Problemy z transmisją telewizyjną meczu Real - Chelsea. "Trochę słabo"
W momencie kiedy Karim Benzema zastanawiał się, czy strzelać na bramkę Chelsea, to widzowie już wiedzieli czy padnie bramka, czy też nie. Dźwięk wyprzedzał obraz o dobrą chwilę. Widzowie nie ukrywali zniecierpliwienia.
Od pierwszych minut tego spotkania głównie na Twitterze zaczęły pojawiać się narzekania, że coś złego się dzieje z relacją. Rzeczywiście. Dźwięk wyprzedzał o dobrą chwilę obraz. I o ile przy wymianie podań czy prowadzeniu akcji w środkowej części boiska aż tak bardzo to nie przeszkadzało, o tyle przy strzałach... Kiedy napastnik dopiero składał się do uderzenia, dzięki słowom komentatora Bożydara Iwanowa już wiedzieliśmy, czy piłka znajdzie się w siatce, czy nie.

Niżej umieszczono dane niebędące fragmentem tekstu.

Lemma has_area_reduce u v m : reduce u = reduce v -> has_area R u m -> has_area R v m.
Proof. by move=> uv [l [sl lR ul]]; exists l; split; rewrite // /freely_eq -uv. Qed.

Lemma is_area_reduce u v m : reduce u = reduce v -> is_area R u m -> is_area R v m.
Proof.
move=> uv [um umin]; split; first exact: has_area_reduce um.
by move=> k /(has_area_reduce (esym uv)); apply: umin.
Qed.

Lemma is_area_inj w m m' : is_area R w m -> is_area R w m' -> m = m'.
Proof. by move=> [hm minm] [hm' minm']; apply/eqP; rewrite eqn_leq minm // minm'. Qed.

Lemma is_area_nil : is_area R [::] 0.
Proof. by split=> //; exists [::]. Qed.

Lemma in_ker_is_area w : in_ker R w -> exists m, is_area R w m.
Proof.
move=> [k hk]; have ex : exists m, `[< has_area R w m >] by exists k; apply/asboolP.
by case: (ex_minnP ex) => m /asboolP hm minm; exists m; split => // j /asboolP /minm.
Qed.

Lemma in_ker_relator r : r \in R -> in_ker R r.
Proof.
move=> rR; exists 1, [:: ([::], r, false)]; split => //.
  by move=> p; rewrite inE => /eqP ->.
by rewrite /freely_eq /conj_rel /= !cats0.
Qed.

Lemma areas_bounded_on (L : seq (word X)) :
  exists B, forall w m, reduce w \in L -> is_area R w m -> m <= B.
Proof.
elim: L => [|s L [B HB]]; first by exists 0.
have [[w0 [m0 [<- h0]]] | none] := pselect (exists w0 m0, reduce w0 = s /\ is_area R w0 m0).
  exists (maxn B m0) => w m; rewrite inE => /orP[/eqP e h | wL h].
    by rewrite (is_area_inj h (is_area_reduce (esym e) h0)) leq_maxr.
  by rewrite leq_max (HB w m wL h).
exists B => w m; rewrite inE => /orP[/eqP e h | wL h]; last exact: HB wL h.
by case: none; exists w, m.
Qed.

Definition words_upto n : seq (word X) :=
  flatten [seq [seq tval t | t <- enum {: k.-tuple (X * bool)}] | k <- iota 0 n.+1].

Lemma mem_words_upto n w : size w <= n -> w \in words_upto n.
Proof.
move=> wn; apply/flatten_mapP; exists (size w); first by rewrite mem_iota ltnS.
by apply: (map_f (@tval _ _) (_ : in_tuple w \in _)); rewrite mem_enum.
Qed.

Lemma areas_bounded n : exists B, forall w m, wlen w <= n -> is_area R w m -> m <= B.
Proof.
have [B HB] := areas_bounded_on (words_upto n).
by exists B => w m wn; apply: HB; apply: mem_words_upto.
Qed.

Lemma wlen_le_wnorm (E : seq (word X)) r : r \in E -> wlen r <= wnorm E.
Proof. by move=> rE; rewrite /wnorm (big_rem r rE) leq_addr. Qed.

End Areas.

Local Open Scope ring_scope.
Local Open Scope classical_set_scope.

Lemma sum_lt_size_mul (R : numDomainType) (T : eqType) (l : seq T) (F : T -> R) c :
  l != [::] -> {in l, forall p, F p < c} -> \sum_(p <- l) F p < (size l)%:R * c.
Proof.
move=> l0 Fc; rewrite -sum1_size natr_sum mulr_suml !big_seq.
apply: ltr_sum => [|p pl]; last by rewrite mul1r Fc.
by case: l l0 {Fc} => //= p l _; rewrite mem_head.
Qed.

Lemma le_inf_mulr (R : realType) (S : set R) a b c :
  S !=set0 -> has_lbound S -> 0 <= c -> inf S < b ->
  (forall v, S v -> v < b -> a <= v * c) -> a <= inf S * c.
Proof.
move=> S0 Slb c0 Sb Sa.
have [v0 Sv0 v0b] : exists2 v, S v & v < b.
  have [|v Sv] := inf_adherent (_ : 0 < b - inf S) (conj S0 Slb); first by rewrite subr_gt0.
  by rewrite addrC subrK; exists v.
move: c0; rewrite le0r => /predU1P[c0 | c0]; first by have := Sa _ Sv0 v0b; rewrite c0 !mulr0.
rewrite -ler_pdivrMr //; apply: lb_le_inf S0 _ => v Sv; rewrite ler_pdivrMr //.
have [vb | bv] := ltP v b; first exact: Sa.
by rewrite (le_trans (Sa _ Sv0 v0b)) // ler_wpM2r ?ltW // (lt_le_trans v0b).
Qed.

Section Distance.
Variables (Rr : realType) (Om : finType).
Implicit Types s : {perm Om}.

Lemma dist1E s : dist s 1 = #|moved s|%:R / #|Om|%:R :> Rr.
Proof. by rewrite /dist; congr (_%:R / _); apply: eq_card => o; rewrite !inE perm1. Qed.

Lemma dist_refl s : dist s s = 0 :> Rr.
Proof. by rewrite /dist (_ : #|_| = 0)%N ?mul0r //; apply: eq_card0 => o; rewrite !inE eqxx. Qed.

Lemma dist1_le1 s : (0 < #|Om|)%N -> dist s 1 <= 1 :> Rr.
Proof. by move=> Om0; rewrite dist1E ler_pdivrMr ?ltr0n // mul1r ler_nat max_card. Qed.

Lemma dist1_relator_product_le (X : finType) (f : X -> {perm Om})
    (l : seq (word X * word X * bool)) :
  dist (ev_word f (flatten (map (@conj_rel X) l))) 1
    <= \sum_(p <- l) dist (ev_word f p.1.2) 1 :> Rr.
Proof.
rewrite dist1E; under eq_bigr do rewrite dist1E.
by rewrite -mulr_suml -natr_sum ler_wpM2r ?invr_ge0 // ler_nat card_moved_relator_product.
Qed.

End Distance.

Section Bounds.
Variables (Rr : realType) (X : finType) (R : seq (word X)).
Implicit Types (d M x : Rr) (E : seq (word X)).

Lemma almost_solution_of_area_bound (Om : finType) (rho : X -> {perm Om}) d d' M E :
  0 < d -> d' * M <= d ->
  (forall r, r \in E -> exists m, has_area R r m /\ m%:R <= M) ->
  almost_solution d' R rho -> almost_solution d E rho.
Proof.
move=> d0 d'M areaE rhoR r rE.
have [_ [[l [<- lR /(ev_word_freely_eq rho) ->]] lM]] := areaE r rE.
have [-> | l0] := eqVneq l [::]; first by rewrite /= dist_refl.
have d'0 : 0 <= d'.
  case: l l0 lR {lM} => // p l _ lR.
  apply: ltW; apply: le_lt_trans (rhoR _ (lR _ (mem_head _ _))).
  by rewrite dist1E divr_ge0.
apply: le_lt_trans (dist1_relator_product_le _ _ _) _; apply: lt_le_trans d'M.
rewrite mulrC; apply: lt_le_trans (sum_lt_size_mul l0 _) _ => [p pl|]; first exact/rhoR/lR.
by rewrite ler_wpM2r.
Qed.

Zwrócił na to uwagę między innymi redaktor naczelny WP SportoweFakty, Paweł Kapusta:
Dźwięk wyprzedzający obrazek w transmisji meczu, wspaniała sprawa.
— Paweł Kapusta (@pawel_kapusta) April 27, 2021
"Trochę słabo" - dodał Dariusz Faron, który już wkrótce dołączy do składu naszej redakcji.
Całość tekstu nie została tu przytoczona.